Illinois News

Basketball game for disabled students has all the fanfare of other games

Denver French, right, exchanges five with Jason Raybur before the West Central Illinois Special Education Cooperative’s basketball game
By Herald-Whig
Posted: Mar. 17, 2017 10:40 pm Updated: Mar. 17, 2017 10:43 pm

CARTHAGE, Ill. -- Maria Hopp and her son, Blake, were in the gymnasium Friday at Illini West High School to watch the basketball game they helped create for disabled students.

When her sons were still in school, Hopp noticed that Blake, who is disabled, was envious of his two younger brothers, who both had joined the basketball team.

"He would say, ‘When is my basketball game?' " Hopp said.

She approached the West Central Illinois Special Education Cooperative with an idea to start holding a game for disabled students. The first game was attended only by the students who were in physical education classes at the time and parents of the athletes.

"From there, they just took it and ran with it," Hopp said.

Almost a decade later, the fanfare of the game has come to rival that of any other high school basketball game. Both bleachers were filled with students for the game Friday morning. General and special education elementary students kicked off the event with a dance at half-court.

"It makes the kids feel really needed and important, that they've done something awesome," Hopp said. "They just want to feel like everyone else.
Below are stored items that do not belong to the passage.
(* Let $q$ be a prime power and $1\le k\le n-1$. If $\mathcal{L}$ is a Cameron-Liebler $k$-set of $\mathrm{AG}(n,q)$ with parameter $x$, then $\mathcal{L}$, viewed as a set of $k$-spaces of the projective closure $\mathrm{PG}(n,q)$ of $\mathrm{AG}(n,q)$, is a Cameron-Liebler $k$-set of $\mathrm{PG}(n,q)$ with parameter $x$.
   Context: A $k$-space is a $k$-dimensional projective subspace. For integers $a,b\ge 0$, $\left[{a\atop b}\right]_q=\frac{(q^a-1)\cdots(q^{a-b+1}-1)}{(q^b-1)\cdots(q-1)}$ (and $0$ if $b>a$). The affine space $\mathrm{AG}(n,q)$ is $\mathrm{PG}(n,q)$ with a hyperplane $\pi_\infty$ (hyperplane at infinity) removed; affine points are points outside $\pi_\infty$, affine $k$-spaces are $k$-spaces of $\mathrm{PG}(n,q)$ not contained in $\pi_\infty$. Let $P_n$ be the point-($k$-space) incidence matrix of $\mathrm{PG}(n,q)$ and $A_n$ the incidence matrix of affine points versus affine $k$-spaces. A set $\mathcal{L}$ of $k$-spaces of $\mathrm{PG}(n,q)$ is a Cameron-Liebler $k$-set of $\mathrm{PG}(n,q)$ if its characteristic vector lies in the real row space $\mathrm{Im}(P_n^T)$, with parameter $|\mathcal{L}|/\left[{n\atop k}\right]_q$. A set of affine $k$-spaces is a Cameron-Liebler $k$-set of $\mathrm{AG}(n,q)$ if its characteristic vector lies in $\mathrm{Im}(A_n^T)$, with parameter $|\mathcal{L}|/\left[{n\atop k}\right]_q$. *)

(* Projective geometry PG(n,q) modelled inside the row space
   'rV[F]_(n.+1) of a finite field F with #|F| = q.  A projective d-space is a
   (d+1)-dimensional vector subspace, represented canonically by the square
   matrix A with <<A>>%MS = A (the canonical generator of its row space). *)
From HB Require Import structures.
From mathcomp Require Import all_boot all_order all_algebra.
From mathcomp Require Import reals.
Unset Printing Implicit Defensive.
Import Order.TTheory GRing.Theory Num.Theory.
Local Open Scope ring_scope.

Definition vsubsp (F : finFieldType) (n d : nat) : {set 'M[F]_(n.+1)} :=
  [set A : 'M[F]_(n.+1) | (<<A>>%MS == A) && (\rank A == d)%N].

Definition pg_points (F : finFieldType) (n : nat) := vsubsp F n 1.
Definition pg_kspaces (F : finFieldType) (n k : nat) := vsubsp F n k.+1.
Definition pg_hyperplanes (F : finFieldType) (n : nat) := vsubsp F n n.

Definition incident (F : finFieldType) (n : nat) (A B : 'M[F]_(n.+1)) : bool :=
  (A <= B)%MS.

(* affine objects w.r.t. the hyperplane at infinity H: not contained in H *)
Definition ag_points (F : finFieldType) (n : nat) (H : 'M[F]_(n.+1)) :=
  [set P in pg_points F n | ~~ incident F n P H].
Definition ag_kspaces (F : finFieldType) (n k : nat) (H : 'M[F]_(n.+1)) :=
  [set K in pg_kspaces F n k | ~~ incident F n K H].

Definition gauss_binom (R : realFieldType) (q a b : nat) : R :=
  if (b <= a)%N then
    (\prod_(i < b) ((q ^ (a - i))%:R - 1)) / (\prod_(i < b) ((q ^ i.+1)%:R - 1))
  else 0.

(* char. vector of L lies in Im(P_n^T): there is a real vector v indexed by
   points with (P_n^T v)_K = chi_L(K) for every k-space K. *)
Definition CL_PG (R : realType) (F : finFieldType) (n k : nat)
    (L : {set 'M[F]_(n.+1)}) : Prop :=
  L \subset pg_kspaces F n k /\
  exists v : 'M[F]_(n.+1) -> R,
    forall K, K \in pg_kspaces F n k ->
      ((K \in L)%:R : R) = \sum_(P in pg_points F n | incident F n P K) v P.

Definition CL_PG_param (R : realType) (F : finFieldType) (n k : nat)
    (L : {set 'M[F]_(n.+1)}) (x : R) : Prop :=
  @CL_PG R F n k L /\ x = #|L|%:R / gauss_binom R #|F| n k.

(* char. vector of L (indexed by affine k-spaces) lies in Im(A_n^T). *)
Definition CL_AG (R : realType) (F : finFieldType) (n k : nat)
    (H : 'M[F]_(n.+1)) (L : {set 'M[F]_(n.+1)}) : Prop :=
  L \subset ag_kspaces F n k H /\
  exists v : 'M[F]_(n.+1) -> R,
    forall K, K \in ag_kspaces F n k H ->
      ((K \in L)%:R : R) = \sum_(P in ag_points F n H | incident F n P K) v P.

Definition CL_AG_param (R : realType) (F : finFieldType) (n k : nat)
    (H : 'M[F]_(n.+1)) (L : {set 'M[F]_(n.+1)}) (x : R) : Prop :=
  @CL_AG R F n k H L /\ x = #|L|%:R / gauss_binom R #|F| n k.

(* Extend a weight vector on the affine points by zero on the points at
   infinity.  An affine k-space then receives the same weight sum as before,
   while a k-space inside the hyperplane at infinity receives 0, which is its
   membership value since L consists of affine k-spaces only.  The parameter is
   given by the same formula in both geometries. *)
From HB Require Import structures.
From mathcomp Require Import all_boot all_order all_algebra.
From mathcomp Require Import reals.
Import GRing.Theory Num.Theory.
Local Open Scope ring_scope.

Lemma ag_kspaces_sub (F : finFieldType) (n k : nat) (H : 'M[F]_(n.+1)) :
  ag_kspaces F n k H \subset pg_kspaces F n k.
Proof. by apply/subsetP=> K; rewrite inE => /andP[]. Qed.

Section ExtendByZero.

Variables (V : nmodType) (F : finFieldType) (n : nat) (H : 'M[F]_(n.+1)).
Variable v : 'M[F]_(n.+1) -> V.

Definition extend_by_zero (P : 'M[F]_(n.+1)) : V :=
  if incident F n P H then 0 else v P.

Lemma sum_extend_by_zero (K : 'M[F]_(n.+1)) :
  \sum_(P in pg_points F n | incident F n P K) extend_by_zero P =
  \sum_(P in ag_points F n H | incident F n P K) v P.
Proof.
rewrite (bigID (fun P => incident F n P H)) /= big1 ?add0r; last first.
  by move=> P /andP[_ PH]; rewrite /extend_by_zero PH.
apply: eq_big => [P | P /andP[_ PH]]; last by rewrite /extend_by_zero (negbTE PH).
by rewrite [P \in ag_points _ _ _]inE andbAC.
Qed.

Lemma sum_extend_by_zero_at_infinity (K : 'M[F]_(n.+1)) :
  incident F n K H ->
  \sum_(P in pg_points F n | incident F n P K) extend_by_zero P = 0.
Proof.
move=> KH; apply: big1 => P /andP[_ PK].
by rewrite /extend_by_zero /incident (submx_trans PK KH).
Qed.

End ExtendByZero.

Arguments extend_by_zero {V F n} H v P.

Lemma CL_AG_CL_PG (R : realType) (F : finFieldType) (n k : nat)
    (H : 'M[F]_(n.+1)) (L : {set 'M[F]_(n.+1)}) :
  @CL_AG R F n k H L -> @CL_PG R F n k L.
Proof.
move=> [LA [v hv]]; split; first exact: subset_trans LA (ag_kspaces_sub _ _ _ _).
exists (extend_by_zero H v) => K hK.
have [KH | KnH] := boolP (incident F n K H).
  rewrite sum_extend_by_zero_at_infinity //.
  apply/eqP; rewrite pnatr_eq0 eqb0; apply: contraTN KH => /(subsetP LA).
  by rewrite inE => /andP[].
by rewrite sum_extend_by_zero hv // inE hK.
Qed.

Theorem theorem1p2 (R : realType) (F : finFieldType) (q n k : nat)
    (H : 'M[F]_(n.+1)) (L : {set 'M[F]_(n.+1)}) (x : R) :
  q = #|F| ->
  (1 <= k <= n - 1)%N ->
  H \in pg_hyperplanes F n ->
  @CL_AG_param R F n k H L x ->
  @CL_PG_param R F n k L x.
Proof.
by move=> _ _ _ [/CL_AG_CL_PG hL hx].
Qed.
They want to fit in."

The players, who are all special education students through the special education cooperative, ran onto the court through a banner crafted by art students that read "Get Fired Up." The band played them on to the court with "The Hey Song." When a shot went up, the crowd would erupt, whether the ball went in or not.

"Being in there where the high schoolers play their games every Friday night makes that really exciting," Hopp said.

Although he graduated two years ago, Blake, 23, got to participate in the game several times. He returns with his mother each year, either to watch or to help coach.

"It's very rewarding just to see how the kids act. It's fun to see them being accepted for who they are," Hopp said. "I can't say enough about the school for letting the students attend the game and opening up the gym to the public for support. "

Two weeks before the game, the athletes began practicing twice a week. Last week, they practiced every day. Although no score is kept, the game is a full-court match. The players run the floor to play offense and defense.

"It is so fun to watch, to see the kids' excitement," said Brenda Layton, whose son, Daylan, 12, participated in the game. "I like how they go all out for this. The school makes the special needs kids feel like they are a part of it."

At halftime, participants came together to perform a choreographed dance to a song from the movie "Trolls." The crowd began dancing along.

"It's an opportunity for our kids to be included and recognized," said Carrie Johnson, adaptive physical education teacher for the special education cooperative. "Ever since we started this, the gen-ed population goes down the halls giving our students high-fives. Over the years, it's brought the two groups together."

Three additional baskets of varying heights were set up to ensure that each student had the opportunity to score. Volunteers from Illini West's Git-R-Done Club also took to the court to help guide participants during the game.

"I've worked at a couple different schools as an aid or substitute teacher, and this is the most accepting school I've seen," said Stephanie Welte, the cooperative's head teacher.

The game was capped off with an awards ceremony, during which Hancock County Sheriff Scott Bentzinger handed out medals to each participant.